Protectionism helped intensify the worldwide Great Depression and the rise of political extremism during the 1930s. Since World War II, expansion of trade has been a powerful engine of democracies' economic growth.
But now the industrial world's growth has slowed. Growth in job formation and household income is anemic. And the United States can't turn around the situation by itself. If vibrant growth is to resume, it is clear the Gordian Knots impeding liberalization of trade must be broken.
It's not just someone else's job at stake. According to a recent study of NAFTA, Virginia would be among the beneficiaries of freer trade. The value of Virginia exports to Mexico has grown at a rate surpassing the nation's. Last year, Virginia employers did a thriving business selling transportation equipment, industrial machinery and computers, chemicals, foods and other products to Mexico.
Under NAFTA, exports - and the jobs based on them - would continue to grow. And a new GATT agreement would generate new jobs worldwide, including here.

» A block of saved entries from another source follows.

Lemma refines_ex s : infinite s.2 -> exists tk, refines s tk.1 tk.2.
Proof.
case: s => a A /= infA; have [k infAk] := pigeon (c a) infA.
have [a' _ [Aa' ca'k]] := infAk 0.
exists ((a', fun b => (A b /\ c a b = k) /\ a' < b), k); split=> //=.
- move=> N; have [n] := infAk (maxn N a'.+1).
  by rewrite geq_max => /andP [Nn a'n] Akn; exists n.
- by move=> b [[Ab cabk] a'b].
Qed.

Definition refine (s : nat * (nat -> Prop)) : (nat * (nat -> Prop)) * K :=
  epsilon (inhabits ((0, fun _ => True), c 0 0)) (fun tk => refines s tk.1 tk.2).

Definition stage (i : nat) : nat * (nat -> Prop) :=
  iter i (fun s => (refine s).1) (0, fun b : nat => is_true (0 < b)).

Definition stage_colour (i : nat) : K := (refine (stage i)).2.

Lemma stage_refines i : refines (stage i) (stage i.+1) (stage_colour i).
Proof.
have spec s : infinite s.2 -> refines s (refine s).1 (refine s).2.
  by move=> infs; apply: (epsilon_spec _ (fun tk => refines s tk.1 tk.2)); apply: refines_ex.
elim: i => [|i [_ _ inf_next _]]; apply: spec => //.
by move=> N; exists N.+1.
Qed.

Lemma stage_sub i j b : i <= j -> (stage j).2 b -> (stage i).2 b.
Proof.
move=> ij; apply: (@homo_leq _ (fun k => (stage k).2)
                     (fun A B : nat -> Prop => forall b, B b -> A b)) ij b.
- by [].
- by move=> B A C AB BC b /BC /AB.
- by move=> k b; case: (stage_refines k) => _ _ _ /(_ b) sub /sub [].
Qed.

Lemma stage_colourE i j : i < j -> c (stage i).1 (stage j).1 = stage_colour i.
Proof.
case: j => // j; rewrite ltnS leq_eqVlt => /orP [/eqP <-|ij].
  by case: (stage_refines i).
have [_ _ _ /(_ (stage j.+1).1)] := stage_refines i; case=> //.
by apply: stage_sub ij _; case: (stage_refines j).
Qed.

Lemma stage_increasing i : (stage i).1 < (stage i.+1).1.
Proof.
have [next_in _ _ _] := stage_refines i.
case: i next_in => [//|i]; case: (stage_refines i) => _ _ _ sub /sub [] //.
Qed.

Theorem ramsey : exists (a : nat -> nat) (k : K),
  (forall i, a i < a i.+1) /\ (forall i j, i < j -> c (a i) (a j) = k).
Proof.
have [k inf_k] :=
  pigeon stage_colour (P := fun _ => True) (fun N => ex_intro2 _ _ N (leqnn N) I).
have [m [m_incr m_k]] := infinite_enum inf_k.
exists (fun j => (stage (m j)).1), k; split.
  by move=> i; apply: (homo_ltn ltn_trans stage_increasing).
move=> i j ij; rewrite stage_colourE; first by case: (m_k i).
exact: (homo_ltn ltn_trans m_incr).
Qed.

End Ramsey.

Section Cover.
Variables (Sigma Q : finType) (delta : Q -> Sigma -> {set Q}) (F : {set Q}).

Notation reach := (@reach Sigma Q delta).
Notation reachF := (@reachF Sigma Q delta F).
Notation cls_of := (@cls_of Sigma Q delta F).
Notation isPair := (@isPair Sigma Q delta F).

Definition truth (P : Prop) : bool := if excluded_middle_informative P then true else false.

Lemma truthP (P : Prop) : truth P <-> P.
Proof. by rewrite /truth; case: excluded_middle_informative. Qed.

The protectionists and Luddites - Perot supporters and Democratic lobbies alike - may rejoice at a federal judge's recent ruling that NAFTA cannot be signed without an environmental impact statement assuring protracted, obstructionist litigation. But let us hope Clinton himself accepts the fact of a worldwide marketplace, and the long-term promise it holds for Americans' opportunities and quality of life.